» **What you need to do**: Lines to restate from the data below: from the one containing "by apply: (@rank_DAG" to the one containing "Notation o := (cluster_obj R C k).", both included. Give them again exactly, and only them.
BEGIN Records shown
(* Exchanges at a single node make w constant on the high families of each a in C and
   zero elsewhere; transpositions make the constant independent of a. *)
Lemma tight_const_multiple : exists lam, forall x, w x = lam * o x.
Proof.
have [a0 a0C] : exists a0, a0 \in C.
  by apply/set0Pn; rewrite -card_gt0 (leq_trans _ k_ltC).
have high_same a B B' : a \in C -> a \notin B -> a \notin B' ->
    (k <= #|B :&: C|)%N -> (k <= #|B' :&: C|)%N -> fam_coef w a B = fam_coef w a B'.
  by move=> *; apply: fam_coef_exchange; apply: exchange_high.
pose lam := fam_coef w a0 (C :\ a0).
have high_C0 := high_setD1 a0C.
have high_lam a B : a \in C -> a \notin B -> (k <= #|B :&: C|)%N -> fam_coef w a B = lam.
  move=> aC aB kB; have [aa0 | aa0] := eqVneq a a0.
    by subst a; apply: high_same; rewrite ?inE ?eqxx.
  have [G1 [G2 [[tG1 tG2 agree G1a0 G2a] /andP[/andP[_ kG1] /andP[_ kG2]]]]] :=
    exchange_transposition k_gt0 k_ltC aC a0C aa0.
  have := fam_coef_agree tG1 tG2 agree.
  rewrite !big_setU1 ?inE // !big_set1 G1a0 G2a !fam_coef0 !Monoid.simpm.
  move=> eq_a; have [/andP[dagG1 _] /andP[dagG2 _]] := conj tG1 tG2.
  rewrite (high_same a B (G1 a)) ?DAG_irrefl // eq_a.
  by apply: high_same; rewrite ?DAG_irrefl ?inE ?eqxx.
have low_zero a B : a \notin B -> ~~ ((a \in C) && (k <= #|B :&: C|)%N) -> fam_coef w a B = 0.
  move=> aB; have [aC /= |aC _] := boolP (a \in C).
    rewrite -ltnNge => ltBk; rewrite -(fam_coef0 w a).
    by apply/esym/fam_coef_exchange; apply: exchange_low.
  by rewrite -(fam_coef0 w a); apply/esym/fam_coef_exchange; apply: exchange_outside.
exists lam => x; rewrite -fam_coef_val /cluster_obj; have /andP[_ xUps] := valP x.
case: ifP => [/andP[aC kB] | notHigh]; first by rewrite mulr1 high_lam.
by rewrite mulr0 low_zero ?notHigh.
Qed.

End TightConstant.

End ClusterInequality.

Lemma rank_annihilated (R : fieldType) m p (A : 'M[R]_(m, p + 1)) (y : 'cV_(p + 1)) :
  y != 0 -> A *m y = 0 -> (\rank A <= p)%N.
Proof.
move=> y_nz Ay0.
have yker : (y^T <= kermx A^T)%MS by apply/sub_kermxP; rewrite -trmx_mul Ay0 trmx0.
have rank_y : (0 < \rank y^T)%N by rewrite lt0n mxrank_eq0 trmx_eq0.
by have := mxrankS yker; rewrite mxrank_ker mxrank_tr; lia.
Qed.

Lemma rank_kernel_line (R : fieldType) m p (A : 'M[R]_(m, p + 1)) (y0 : 'cV_(p + 1)) :
  (forall y, A *m y = 0 -> exists lam, y = lam *: y0) -> (p <= \rank A)%N.
Proof.
move=> ker_line.
have ker_sub : (kermx A^T <= y0^T)%MS.
  apply/row_subP => i; have /sub_kermxP zA := row_sub i (kermx A^T).
  have Az : A *m (row i (kermx A^T))^T = 0 by apply: trmx_inj; rewrite trmx_mul trmxK zA trmx0.
  have [lam /(congr1 trmx)] := ker_line _ Az; rewrite trmxK => ->.
  by rewrite linearZ scalemx_sub.
have := mxrankS ker_sub; rewrite mxrank_ker mxrank_tr.
by have := rank_leq_row y0^T; lia.
Qed.

Section AffineRank.
Variable N : finType.
Variable R : realFieldType.
Notation n := #|{: Ups N}|.
Implicit Types (S : vec N R -> Prop) (o w : vec N R).

Definition row_of w : 'rV[R]_n := \row_j w (enum_val j).
Definition col_of w : 'cV[R]_n := \col_j w (enum_val j).
Definition vec_of_col (y : 'cV[R]_n) : vec N R := fun x => y (enum_rank x) 0.

(* Rows are the points in homogeneous coordinates: affine independence becomes row-freeness. *)
Definition hom_mx m (p : 'I_m -> vec N R) : 'M[R]_(m, n + 1) :=
  row_mx (\matrix_i row_of (p i)) (const_mx 1).

Lemma dot_enum o w : dot o w = \sum_(j < n) o (enum_val j) * w (enum_val j).
Proof.
rewrite /dot (reindex (@enum_val _ (pred_of_simpl predT))) //.
by exists enum_rank => x _; rewrite ?enum_valK ?enum_rankK.
Qed.

Lemma hom_mx_mulE m (p : 'I_m -> vec N R) (y : 'cV_n) (t : 'cV_1) i :
  (hom_mx p *m col_mx y t) i 0 = dot (vec_of_col y) (p i) + t 0 0.
Proof.
rewrite mul_row_col !mxE dot_enum big_ord1 !mxE mul1r; congr (_ + _).
by apply: eq_bigr => j _; rewrite !mxE /vec_of_col enum_valK mulrC.
Qed.

Lemma hom_mx_lmul_eq0 m (p : 'I_m -> vec N R) (c : 'rV_m) :
  (c *m hom_mx p == 0) = (\sum_i c 0 i == 0) && [forall x, \sum_i c 0 i * p i x == 0].
Proof.
rewrite mul_mx_row row_mx_eq0 andbC; congr (_ && _).
  apply/eqP/eqP => [/matrixP/(_ 0 0)|sum0].
    by rewrite !mxE => e; rewrite -[RHS]e; apply: eq_bigr => i _; rewrite !mxE mulr1.
  by apply/matrixP => i j; rewrite !ord1 !mxE -[RHS]sum0; apply: eq_bigr => i' _; rewrite mxE mulr1.
apply/eqP/forallP => [/rowP cp0 x | cp0].
  have := cp0 (enum_rank x); rewrite !mxE => e; apply/eqP; rewrite -[RHS]e.
  by apply: eq_bigr => i _; rewrite !mxE enum_rankK.
apply/rowP => j; rewrite !mxE -[RHS](eqP (cp0 (enum_val j))).
by apply: eq_bigr => i _; rewrite !mxE.
Qed.

Lemma has_aff_indepP S m :
  has_aff_indep S m <-> exists p : 'I_m -> vec N R, (forall i, S (p i)) /\ row_free (hom_mx p).
Proof.
split=> -[p [Sp p_indep]]; exists p; split=> //.
  apply/inj_row_free => c /eqP; rewrite hom_mx_lmul_eq0 => /andP[/eqP sum0 /forallP sump0].
  by apply/rowP => i; rewrite mxE; apply: p_indep => // x; apply/eqP.
move=> c sum0 sump0 i.
have : (\row_i c i) *m hom_mx p == 0.
  rewrite hom_mx_lmul_eq0; apply/andP; split; last apply/forallP => x; apply/eqP.
    by rewrite -[RHS]sum0; apply: eq_bigr => j _; rewrite mxE.
  by rewrite -[RHS](sump0 x); apply: eq_bigr => j _; rewrite mxE.
by rewrite mulmx_free_eq0 // => /eqP/rowP/(_ i); rewrite !mxE.
Qed.

Lemma hom_mx_mul_hyperplane m (p : 'I_m -> vec N R) o u i :
  (hom_mx p *m col_mx (col_of o) (-u)%:M) i 0 = dot o (p i) - u.
Proof.
rewrite hom_mx_mulE !mxE /= mulr1n; congr (_ - _).
by apply: eq_bigr => x _; rewrite /vec_of_col mxE enum_rankK.
Qed.

Lemma col_hyperplane_neq0 o u : (exists x, o x != 0) -> col_mx (col_of o) (-u)%:M != 0.
Proof.
case=> x ox; rewrite col_mx_eq0 negb_and; apply/orP; left.
by apply: contra ox => /eqP/colP/(_ (enum_rank x)); rewrite !mxE enum_rankK => ->.
Qed.

Lemma not_aff_indep_dim S : ~ has_aff_indep S n.+2.
Proof. by case/has_aff_indepP => p [_ /eqP rank_p]; have := rank_leq_col (hom_mx p); lia. Qed.

Lemma hyperplane_not_aff_indep S o u : (exists x, o x != 0) ->
  (forall v, S v -> dot o v = u) -> ~ has_aff_indep S n.+1.
Proof.
move=> o_nz S_u /has_aff_indepP[p [Sp /eqP rank_p]].
have Ay0 : hom_mx p *m col_mx (col_of o) (-u)%:M = 0.
  by apply/matrixP => i j; rewrite ord1 hom_mx_mul_hyperplane S_u // subrr mxE.
by have := rank_annihilated (col_hyperplane_neq0 u o_nz) Ay0; rewrite rank_p ltnn.
Qed.

(* The kernel of hom_mx q is the line spanned by the normal col_mx (col_of o) (-u)%:M. *)
Lemma hyperplane_aff_indep S o u M (q : 'I_M -> vec N R) (i0 : 'I_M) :
  (exists x, o x != 0) -> (forall i, S (q i)) -> (forall i, dot o (q i) = u) ->
  (forall w t, (forall i, dot w (q i) = t) -> exists lam, forall x, w x = lam * o x) ->
  has_aff_indep S n.
Proof.
move=> o_nz Sq q_u q_orth; set A := hom_mx q; set y0 := col_mx (col_of o) (-u)%:M.
have Ay0 : A *m y0 = 0.
  by apply/matrixP => i j; rewrite ord1 hom_mx_mul_hyperplane q_u subrr mxE.
have rank_le := rank_annihilated (col_hyperplane_neq0 u o_nz) Ay0.
have rank_ge : (n <= \rank A)%N.
  apply: (rank_kernel_line (y0 := y0)) => y Ay.
  have Ay_i i : dot (vec_of_col (usubmx y)) (q i) = - dsubmx y 0 0.
    have := hom_mx_mulE q (usubmx y) (dsubmx y) i; rewrite vsubmxK.
    by have /matrixP/(_ i 0) := Ay; rewrite [RHS]mxE => -> /esym/eqP; rewrite addr_eq0 => /eqP.
  have [lam w_lam] := q_orth _ _ Ay_i.
  exists lam; rewrite -[y]vsubmxK scale_col_mx; congr col_mx.
    apply/colP => j; have := w_lam (enum_val j); rewrite /vec_of_col enum_valK => ->.
    by rewrite !mxE.
  have dot_lam : dot (vec_of_col (usubmx y)) (q i0) = lam * u.
    by rewrite -(q_u i0) /dot mulr_sumr; apply: eq_bigr => x _; rewrite w_lam mulrA.
  apply/matrixP => i j; rewrite !ord1 [RHS]mxE [(-u)%:M _ _]mxE /= mulr1n.
  by rewrite mulrN -dot_lam Ay_i opprK.
have rank_A : \rank A = n by apply/eqP; rewrite eqn_leq rank_le rank_ge.
suff : has_aff_indep S (\rank A) by rewrite rank_A.
apply/has_aff_indepP; exists (q \o maxrankfun A); split=> [i|]; first exact: Sq.
suff -> : hom_mx (q \o maxrankfun A) = rowsub (maxrankfun A) A by exact: maxrowsub_free.
by apply/matrixP => i j; rewrite /A /hom_mx !mxE; case: splitP => j' _; rewrite !mxE.
Qed.

End AffineRank.

Section PolytopeDimension.
Variable N : finType.
Variable R : realFieldType.
Notation n := #|{: Ups N}|.

Definition single_parent_graph (x : Ups N) : graph N :=
  [ffun v => if v == (val x).1 then (val x).2 else set0].

Lemma single_parent_graph_DAG x : is_DAG (single_parent_graph x).
Proof.
apply: (@rank_DAG _ _ (fun v => nat_of_bool (v == (val x).1))) => u v; rewrite ffunE.
case: eqVneq => [_|]; last by rewrite inE.
by case/andP: (valP x) => _ /negP notin_x /= ux; case: eqVneq ux => // -> /notin_x.
Qed.

Lemma eta_single_parent_graph x y : Defs.eta R (single_parent_graph x) y = (y == x)%:R.
Proof.
rewrite /Defs.eta ffunE -[y == x](inj_eq val_inj); move: (valP y).
case: (val y) => b D /andP[D0 _]; case: (val x) => a B; rewrite xpair_eqE.
rewrite -[(b, D).2]/D -[(a, B).2]/B -[(b, D).1]/b -[(a, B).1]/a.
by case: (b == a); [case: (D == B) | rewrite (negbTE D0)].
Qed.

Definition empty_graph : graph N := [ffun=> set0].

Lemma eta_empty_graph y : Defs.eta R empty_graph y = 0.
Proof. by rewrite /Defs.eta ffunE; case/andP: (valP y) => /negbTE->. Qed.

(* The empty graph and the graphs with a single nonempty parent set: their vectors are 0
   and the unit vectors. *)
Lemma PN_aff_indep : has_aff_indep (@P_N N R) n.+1.
Proof.
pose p (i : 'I_n.+1) :=
  if unlift ord0 i is Some j then Defs.eta R (single_parent_graph (enum_val j))
  else Defs.eta R empty_graph.
exists p; split=> [i|c sum0 sump0].
  rewrite /p; case: unlift => [j|]; apply: eta_PN; first exact: single_parent_graph_DAG.
  by apply: (@rank_DAG _ _ (fun=> 0%N)) => u v; rewrite ffunE inE.
have c_lift j : c (lift ord0 j) = 0.
  have := sump0 (enum_val j); rewrite big_ord_recl /p unlift_none eta_empty_graph mulr0 add0r.
  rewrite (bigD1 j) //= liftK eta_single_parent_graph eqxx mulr1 big1 ?addr0 // => j' j'j.
  by rewrite liftK eta_single_parent_graph (inj_eq enum_val_inj) eq_sym (negbTE j'j) mulr0.
move=> i; case: (unliftP ord0 i) => [j -> //|->].
by move: sum0; rewrite big_ord_recl big1 ?addr0 // => j _; apply: c_lift.
Qed.

Lemma PN_aff_rank : aff_rank (@P_N N R) n.+1.
Proof. by split; [exact: PN_aff_indep | exact: not_aff_indep_dim]. Qed.

End PolytopeDimension.

Section ClusterFacet.
Variable N : finType.
Variable R : realFieldType.
Variable C : {set N}.
Variable k : nat.
Hypothesis k_gt0 : (0 < k)%N.
Hypothesis k_ltC : (k < #|C|)%N.
Notation o := (cluster_obj R C k).
Notation u := ((#|C| - k)%:R : R).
END Records shown
» **Task result**:
  by apply: (@rank_DAG _ _ (fun=> 0%N)) => u v; rewrite ffunE inE.
have c_lift j : c (lift ord0 j) = 0.
  have := sump0 (enum_val j); rewrite big_ord_recl /p unlift_none eta_empty_graph mulr0 add0r.
  rewrite (bigD1 j) //= liftK eta_single_parent_graph eqxx mulr1 big1 ?addr0 // => j' j'j.
  by rewrite liftK eta_single_parent_graph (inj_eq enum_val_inj) eq_sym (negbTE j'j) mulr0.
move=> i; case: (unliftP ord0 i) => [j -> //|->].
by move: sum0; rewrite big_ord_recl big1 ?addr0 // => j _; apply: c_lift.
Qed.

Lemma PN_aff_rank : aff_rank (@P_N N R) n.+1.
Proof. by split; [exact: PN_aff_indep | exact: not_aff_indep_dim]. Qed.

End PolytopeDimension.

Section ClusterFacet.
Variable N : finType.
Variable R : realFieldType.
Variable C : {set N}.
Variable k : nat.
Hypothesis k_gt0 : (0 < k)%N.
Hypothesis k_ltC : (k < #|C|)%N.
Notation o := (cluster_obj R C k).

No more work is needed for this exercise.